Journal article

This is an edited transcript of a talk given to the colloquium at the Whitlam Institute held on the 21st February 2018 on the topic of the title of this address. Here Linda Burney indicates the state of play in the Labor Party's response to the ‘Uluru Statement from the Heart’ at that time including this Party's recommendation to the Government that it establish a Joint Select Committee to enable the Commonwealth Parliament's Response. Such a committee was established: ‘On 19 March 2018, the Parliament agreed that a Joint Select Committee on Constitutional Recognition relating to Aboriginal and Torres Strait Islander Peoples be appointed to inquire into and report on matters relating to constitutional change’ (Commonwealth of Australia 2018, 2). Linda Burney is a member of the Joint Select Committee that has produced an Interim Report (July 2018), and which is co‐chaired by Senator Patrick Dodson (First Nations Caucus within the Labor Party) and Julian Leeser, a Coalition Government MP.

Key Findings:

  • The Labor Party Indigenous Caucus or Aboriginal Caucus to the First Nations Caucus. Choosing to use the term First Nations instead of Aboriginal and Torres Strait Islander.

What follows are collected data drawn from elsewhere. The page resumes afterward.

Lemma rot_ft m t (gamma : anf m) : 0 < m ->
  rotation_symmetric (anf_eval gamma) -> rotation_symmetric (f_t t gamma).
Proof.
move=> m_gt0 gamma_rot x; have m2_gt0 : 0 < m.*2 by rewrite double_gt0.
pose H k := xat x k (+) xat x (k + m).
have H_periodic k : H (k + m) = H k.
  by rewrite /H -addnA addnn xatDr addbC.
rewrite /f_t; have -> : [ffun j : 'I_m => xat (Defs.rot x) j (+) xat (Defs.rot x) (j + m)] =
          Defs.rot [ffun j : 'I_m => H j].
  apply/ffunP => j; rewrite !ffunE !xat_rot // xat_ffun // periodic_modn //.
  by rewrite /H addnAC.
rewrite gamma_rot; congr (_ (+) _ (+) _).
- pose F k := (xat x k && xat x (k + t) && xat x (k + m)) (+) (xat x k && xat x (k + t)).
  rewrite (eq_bigr (fun i : 'I_m.*2 => F (i + 1))) => [|i _]; last first.
    by rewrite !xat_rot // /F (addnAC i t) (addnAC i m).
  by apply: big_ord_shift => k; rewrite /F (addnAC k _ t) (addnAC k _ m) !xatDr.
- pose F k := xat x k && xat x (k + m).
  rewrite (eq_bigr (fun i : 'I_m => F (i + 1))) => [|i _]; last first.
    by rewrite !xat_rot // /F (addnAC i m).
  by apply: big_ord_shift => k; rewrite /F -addnA addnn xatDr andbC.
Qed.

Lemma has_deg_le_ft m t (gamma : anf m) : 3 <= anf_deg gamma ->
  has_deg_le (f_t t gamma) (anf_deg gamma).
Proof.
move=> deg_ge3.
have xat2 i j : has_deg_le (fun x : vec m.*2 => xat x i && xat x j) 2.
  exact: has_deg_le_andb (has_deg_le_xat _ i) (has_deg_le_xat _ j).
apply: has_deg_le_addb; first apply: has_deg_le_addb.
- apply: has_deg_le_big_addb => i _.
  apply: has_deg_le_addb (has_deg_le_leq (ltnW deg_ge3) (xat2 _ _)).
  exact: has_deg_le_leq deg_ge3 (has_deg_le_andb (xat2 _ _) (has_deg_le_xat _ _)).
- by apply: has_deg_le_big_addb => i _; apply: has_deg_le_leq (ltnW deg_ge3) (xat2 _ _).
apply: has_deg_le_anf_comp => j; apply: eq_has_deg_le (has_deg_le_addb
  (has_deg_le_xat _ j) (has_deg_le_xat _ (j + m))) => x.
by rewrite ffunE.
Qed.

Lemma has_deg_le_quad_t m t : has_deg_le (@quad_t m t) 2.
Proof.
apply: has_deg_le_big_addb => i _; case: (i + t < m) => /=.
  exact: has_deg_le_andb (has_deg_le_xat _ _) (has_deg_le_xat _ _).
exact: has_deg_le_false.
Qed.

Section Restriction.
Variable m : nat.

Lemma vec_of_pair_diag (a : vec m) (i : 'I_m.*2) : vec_of_pair (a, a) i = (i < m) && xat a i.
Proof. by rewrite ffunE /=; case: (leqP m i) => /=; rewrite ?addbb ?addbF. Qed.

Let m_le_double : m <= m.*2. Proof. by rewrite -addnn leq_addr. Qed.

Lemma subv_vec_of_pair_diag (a v : vec m) :
  subv (vec_of_pair (a, a)) (vec_of_pair (v, v)) = subv a v.
Proof.
apply/forallP/forallP => sub_av j.
  by move: (sub_av (widen_ord m_le_double j)); rewrite !vec_of_pair_diag /= ltn_ord !xat_ord.
rewrite !vec_of_pair_diag; case: (ltnP j m) => //= ltjm.
by move: (sub_av (Ordinal ltjm)); rewrite -(xat_ord a) -(xat_ord v).
Qed.

Lemma wt_vec_of_pair_diag (a : vec m) : wt (vec_of_pair (a, a)) = wt a.
Proof.
rewrite /wt (_ : [set i | _] = widen_ord m_le_double @: [set j | a j]).
  by apply: card_imset => i j /(congr1 val) /= /val_inj.
apply/setP => i; rewrite inE vec_of_pair_diag; apply/idP/imsetP.
  move=> /andP[ltim ai]; exists (Ordinal ltim); first by rewrite inE -xat_ord.
  exact: val_inj.
by move=> [j]; rewrite inE => aj ->; rewrite /= ltn_ord xat_ord.
Qed.

(* The monomials below [x_0 ... x_(m-1)] only involve the first half of the variables. *)
Lemma moebius_vec_of_pair_diag (f : vec m.*2 -> bool) v :
  0 < m -> moebius f (vec_of_pair (v, v)) = moebius (fun w => f (vec_of_pair (w, w))) v.
Proof.
move=> m_gt0; rewrite /moebius.
rewrite (reindex_onto (fun w => vec_of_pair (w, w)) (fun x => [ffun j : 'I_m => xat x j])) /=.
  apply: eq_bigl => a; rewrite subv_vec_of_pair_diag.
  have -> : [ffun j : 'I_m => xat (vec_of_pair (a, a)) j] = a.
    by apply/ffunP => j; rewrite ffunE xat_vec_of_pair_lo //= xat_ord.
  by rewrite eqxx andbT.
move=> x /forallP sub_x; apply/ffunP => i; rewrite vec_of_pair_diag.
have [ltim|leim] /= := ltnP i m.
  by rewrite xat_ffun // modn_small // xat_ord.
by move: (sub_x i); rewrite vec_of_pair_diag ltnNge leim /=; case: (x i).
Qed.

Variables (t : nat) (gamma : anf m).
Hypotheses (m_gt0 : 0 < m) (t_lt_m : t < m).

Lemma ft_vec_of_pair_diag (w : vec m) :
  f_t t gamma (vec_of_pair (w, w)) = quad_t t w (+) anf_eval gamma w.
Proof.
set x := vec_of_pair (w, w).
have x_hi i : i < m -> xat x (i + m) = false.
  by move=> ltim; rewrite xat_vec_of_pair_Dm //= addbb.
have gamma_arg : [ffun j : 'I_m => xat x j (+) xat x (j + m)] = w.
  by apply/ffunP => j; rewrite ffunE x_hi // addbF xat_vec_of_pair_lo //= xat_ord.
rewrite /f_t gamma_arg (big_ord_double _ _
  (fun i => (xat x i && xat x (i + t) && xat x (i + m)) (+) (xat x i && xat x (i + t)))).
rewrite [X in _ (+) X (+) _]big1 ?addbF => [|i _]; last by rewrite x_hi ?andbF.
congr (_ (+) _); apply: eq_bigr => i _; have ltim := ltn_ord i.
rewrite x_hi // xat_vec_of_pair_DmDt // xat_vec_of_pair_Dt // xat_vec_of_pair_lo //= ltnNge.
by case: (m <= i + t); case: (xat w i); case: (xat w (i + t)).
Qed.

End Restriction.

Lemma deg_ft m t (gamma : anf m) : 0 < m -> t < m -> 3 <= anf_deg gamma ->
  has_alg_degree (f_t t gamma) (anf_deg gamma).
Proof.
move=> m_gt0 t_lt_m deg_ge3.
have [v gamma_v wt_v] := anf_deg_witness (leq_trans (isT : 0 < 3) deg_ge3).
apply: (has_alg_degree_moebius (has_deg_le_ft t deg_ge3) _
  (etrans (wt_vec_of_pair_diag v) wt_v)).
rewrite moebius_vec_of_pair_diag // /moebius.
rewrite (eq_bigr _ (fun w _ => ft_vec_of_pair_diag gamma m_gt0 t_lt_m w)).
rewrite -/(moebius (fun w => quad_t t w (+) anf_eval gamma w) v) moebius_addb.
by rewrite moebius_anf_eval gamma_v (moebius_gt_deg (has_deg_le_quad_t m t)) // wt_v.
Qed.

Theorem theorem2 (m t : nat) (gamma : anf m) :
  2 <= m -> 1 <= t <= m - 1 -> odd (m %/ gcdn m t) ->
  bent (f_t t gamma) /\
  (forall d : nat,
     rotation_symmetric (anf_eval gamma) -> anf_deg gamma = d -> 3 <= d ->
     rotation_symmetric (f_t t gamma) /\ has_alg_degree (f_t t gamma) d).
Proof.
move=> m_ge2 /andP[t_ge1 t_le] oddL.
have m_gt0 : 0 < m by lia.
have t_lt_m : t < m by lia.
split; first exact: bent_ft.
move=> d gamma_rot <- deg_ge3.
by split; [apply: rot_ft | apply: deg_ft].
Qed.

  • A lack of media attention to significant First Nations anniversaries such as the 10th Anniversary of the Apology to the Stolen Generations (February 13 2018),and the 10th Closing the Gap Report (February 12 2018).

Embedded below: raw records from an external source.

(* The update lemmas are stated in the exact shape that [Dplus], [Dcross], [Mplus] and
   [Mcross] take once the forward differences are unfolded: [v] is the centre value,
   [a], [b] and [a'], [b'] its neighbours along two directions, at grid distance [c]. *)
Lemma five_point_update_in_range (k w d v a b a' b' : R) :
  lo <= v <= hi -> lo <= a <= hi -> lo <= b <= hi -> lo <= a' <= hi -> lo <= b' <= hi ->
  0 <= k -> 0 <= w -> 0 < d -> 4 * (k * w) <= d ->
  lo <= v + k * (w * (a + b + a' + b' - 4 * v) / d) <= hi.
Proof.
move=> /andP[? ?] /andP[? ?] /andP[? ?] /andP[? ?] /andP[? ?] k0 w0 d0 kwd.
set L := k * w / d.
have L0 : 0 <= L by rewrite /L divr_ge0 ?mulr_ge0 // ltW.
have L4 : 4 * L <= 1 by rewrite /L !mulrA ler_pdivrMr // mul1r -mulrA.
rewrite (_ : k * _ = L * (a + b + a' + b' - 4 * v)); last by rewrite /L; field; rewrite lt0r_neq0.
apply/andP; split; nra.
Qed.

Lemma minmod_update_in_range (k w c v a b a' b' e g e' g' : R) :
  lo <= v <= hi -> lo <= a <= hi -> lo <= b <= hi -> lo <= a' <= hi -> lo <= b' <= hi ->
  0 <= k -> w <= 0 -> 0 < c -> 2 * (k * - w) <= c ^+ 2 ->
  lo <= v + k * (w / c *
    (minmod e ((a - v) / c) ((v - b) / c) - minmod ((a - v) / c) ((v - b) / c) g
     + minmod e' ((a' - v) / c) ((v - b') / c) - minmod ((a' - v) / c) ((v - b') / c) g'))
    <= hi.
Proof.
move=> /andP[lv vh] ha hb ha' hb' k0 w0 c0 kwc.
set m := Num.min (hi - v) (v - lo).
have m0 : 0 <= m by rewrite le_min !subr_ge0 lv vh.
have ci0 : 0 <= c^-1 by rewrite invr_ge0 ltW.
have le_c x y : x <= y -> x / c <= y / c by move=> xy; rewrite ler_wpM2r.
have flux_le x y e0 g0 : lo <= x <= hi -> lo <= y <= hi ->
    `|minmod e0 ((x - v) / c) ((v - y) / c) - minmod ((x - v) / c) ((v - y) / c) g0| <= m / c.
  move=> /andP[? ?] /andP[? ?]; rewrite /m minr_pMl //.
  by apply: minmod_diff_le; rewrite ?divr_ge0 -?mulNr ?le_c ?subr_ge0 //=; lra.
rewrite -addrA; set D1 := minmod _ _ _ - minmod _ _ _; set D2 := minmod _ _ _ - minmod _ _ _.
have K0 : 0 <= k * - w / c by rewrite divr_ge0 ?mulr_ge0 ?oppr_ge0 // ltW.
rewrite (_ : k * _ = - (k * - w / c * (D1 + D2))); last by ring.
apply: add_in_range; rewrite -/m normrN normrM (ger0_norm K0).
have D12 : `|D1 + D2| <= m / c + m / c by rewrite (le_trans (ler_normD _ _)) // lerD ?flux_le.
apply: le_trans (ler_wpM2l K0 D12) _.
rewrite (_ : k * - w / c * _ = 2 * (k * - w) * m / c ^+ 2); last by field; rewrite lt0r_neq0.
by rewrite ler_pdivrMr ?exprn_gt0 // mulrC ler_wpM2l.
Qed.

Lemma max3_0_between (x y z : R) : x <= z -> y <= z -> 0 <= z -> 0 <= max3 x y 0 <= z.
Proof. by move=> xz yz z0; rewrite /max3 !le_max !ge_max lexx xz yz z0 !orbT. Qed.

Lemma sqrt_sum_sqr_le (x y z : R) : 0 <= x <= z -> 0 <= y <= z ->
  Num.sqrt (x ^+ 2 + y ^+ 2) <= Num.sqrt 2 * z.
Proof.
move=> /andP[x0 xz] /andP[y0 yz]; have z0 : 0 <= z by rewrite (le_trans x0).
rewrite -(ger0_norm z0) -sqrtr_sqr -sqrtrM ?ler0n // ler_sqrt ?mulr_ge0 ?sqr_ge0 //.
by rewrite mulr2n mulrDl mul1r lerD // ler_sqr.
Qed.

Lemma upwind_increment_in_range (k s c m G : R) :
  0 <= k -> 0 <= s -> 0 < c -> 0 <= m -> 0 <= G <= Num.sqrt 2 * (m / c) ->
  k * s * Num.sqrt 2 <= c -> 0 <= k * (s * G) <= m.
Proof.
move=> k0 s0 c0 m0 /andP[G0 Gm] ksc.
rewrite !mulr_ge0 //=.
apply: le_trans (_ : k * (s * (Num.sqrt 2 * (m / c))) <= m).
  by rewrite ler_wpM2l // ler_wpM2l.
rewrite (_ : _ * _ = k * s * Num.sqrt 2 * m / c); last by field; rewrite lt0r_neq0.
by rewrite ler_pdivrMr // mulrC ler_wpM2l.
Qed.

Lemma upwind_update_in_range (k s c v a b a' b' : R) :
  lo <= v <= hi -> lo <= a <= hi -> lo <= b <= hi -> lo <= a' <= hi -> lo <= b' <= hi ->
  0 <= k -> 0 < c -> k * `|s| * Num.sqrt 2 <= c ->
  lo <= v + k * (s * (if 0 <= s then
      Num.sqrt (max3 (- ((v - b) / c)) ((a - v) / c) 0 ^+ 2
                + max3 (- ((v - b') / c)) ((a' - v) / c) 0 ^+ 2)
    else
      Num.sqrt (max3 (- ((a - v) / c)) ((v - b) / c) 0 ^+ 2
                + max3 (- ((a' - v) / c)) ((v - b') / c) 0 ^+ 2))) <= hi.
Proof.
move=> /andP[lv vh] /andP[la ah] /andP[lb bh] /andP[la' ah'] /andP[lb' bh'] k0 c0 ksc.
have le_c x y : x <= y -> x / c <= y / c by move=> xy; rewrite ler_pM2r ?invr_gt0.
have G_between (m x y x' y' : R) : 0 <= m -> x <= m -> y <= m -> x' <= m -> y' <= m ->
    0 <= Num.sqrt (max3 x y 0 ^+ 2 + max3 x' y' 0 ^+ 2) <= Num.sqrt 2 * m.
  by move=> m0 *; rewrite sqrtr_ge0 sqrt_sum_sqr_le ?max3_0_between.
rewrite -!mulNr !opprB; case: ifP => s0.
- rewrite ger0_norm // in ksc.
  have m0 : 0 <= hi - v by rewrite subr_ge0.
  have /andP[inc0 inc_le] := upwind_increment_in_range k0 s0 c0 m0
    (G_between _ _ _ _ _ (divr_ge0 m0 (ltW c0)) (le_c _ _ (lerB bh (lexx v)))
       (le_c _ _ (lerB ah (lexx v))) (le_c _ _ (lerB bh' (lexx v)))
       (le_c _ _ (lerB ah' (lexx v)))) ksc.
  lra.
- have s0' : 0 <= - s by rewrite oppr_ge0 ltW // ltNge s0.
  rewrite ler0_norm -?oppr_ge0 // in ksc.
  have m0 : 0 <= v - lo by rewrite subr_ge0.
  have /andP[inc0 inc_le] := upwind_increment_in_range k0 s0' c0 m0
    (G_between _ _ _ _ _ (divr_ge0 m0 (ltW c0)) (le_c _ _ (lerB (lexx v) la))
       (le_c _ _ (lerB (lexx v) lb)) (le_c _ _ (lerB (lexx v) la'))
       (le_c _ _ (lerB (lexx v) lb'))) ksc.
  rewrite mulNr mulrN in inc0 inc_le; lra.
Qed.

End LocalUpdates.

Lemma le_mul_of_le_div (R : realType) (t x c D : R) :
  0 < c -> 0 <= D -> 0 <= x -> (D != 0 -> t <= x / (c * D)) -> t * (c * D) <= x.
Proof.
move=> c0 D0 x0 tD; have [->|D_neq0] := eqVneq D 0; first by rewrite !mulr0.
by rewrite -ler_pdivlMr ?tD // mulr_gt0 // lt0r D_neq0.
Qed.

Lemma curv_norm_le (R : realType) (h : R) (U : grid R) (i j : int) :
  0 < h -> `|curv h U i j| <= 2 / h.
Proof.
move=> h0; have b0 : 0 <= 2 / h by rewrite divr_ge0 // ltW.
have clip (x : R) : `|Num.min (2 / h) (Num.max (- (2 / h)) x)| <= 2 / h.
  rewrite ler_norml; apply/andP; split; last by rewrite ge_min lexx.
  by rewrite le_min le_max lexx /= andbT; lra.
exact: clip.
Qed.

Section Substeps.
Variables (R : realType) (p h nu tau lo hi : R) (V : grid R).
Hypotheses (h_gt0 : 0 < h) (nu_gt0 : 0 < nu) (nu_lt1 : nu < 1) (tau_gt0 : 0 < tau).
Hypothesis V_in : forall i j, lo <= V i j <= hi.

  • Acknowledging the Cabinet's rejecting the notion of the Voice to the Parliament, and the notion of a Referendum about it.
  • The Labor Party has been writing to the Prime Minister, suggesting that they establish a Joint Parliamentary Committee on Aboriginal Affairs, to be chaired by the Government.
  • The recommendation for the establishment of a Makarrata Commission, which would have the responsibility of truth‐telling, and – this is the most important thing I think – the striking of agreements for treaties ‐ or a treaty across the country.
  • Acknowledging the progress that Australian states are making towards treaties, namely in Victoria, South Australia, and New South Wales.
  • Burney illustrates the current rate of child removal. Ten years ago, there were 9,000 Aboriginal children in care, at the the time of this speech, there are 17,000 Aboriginal children in care.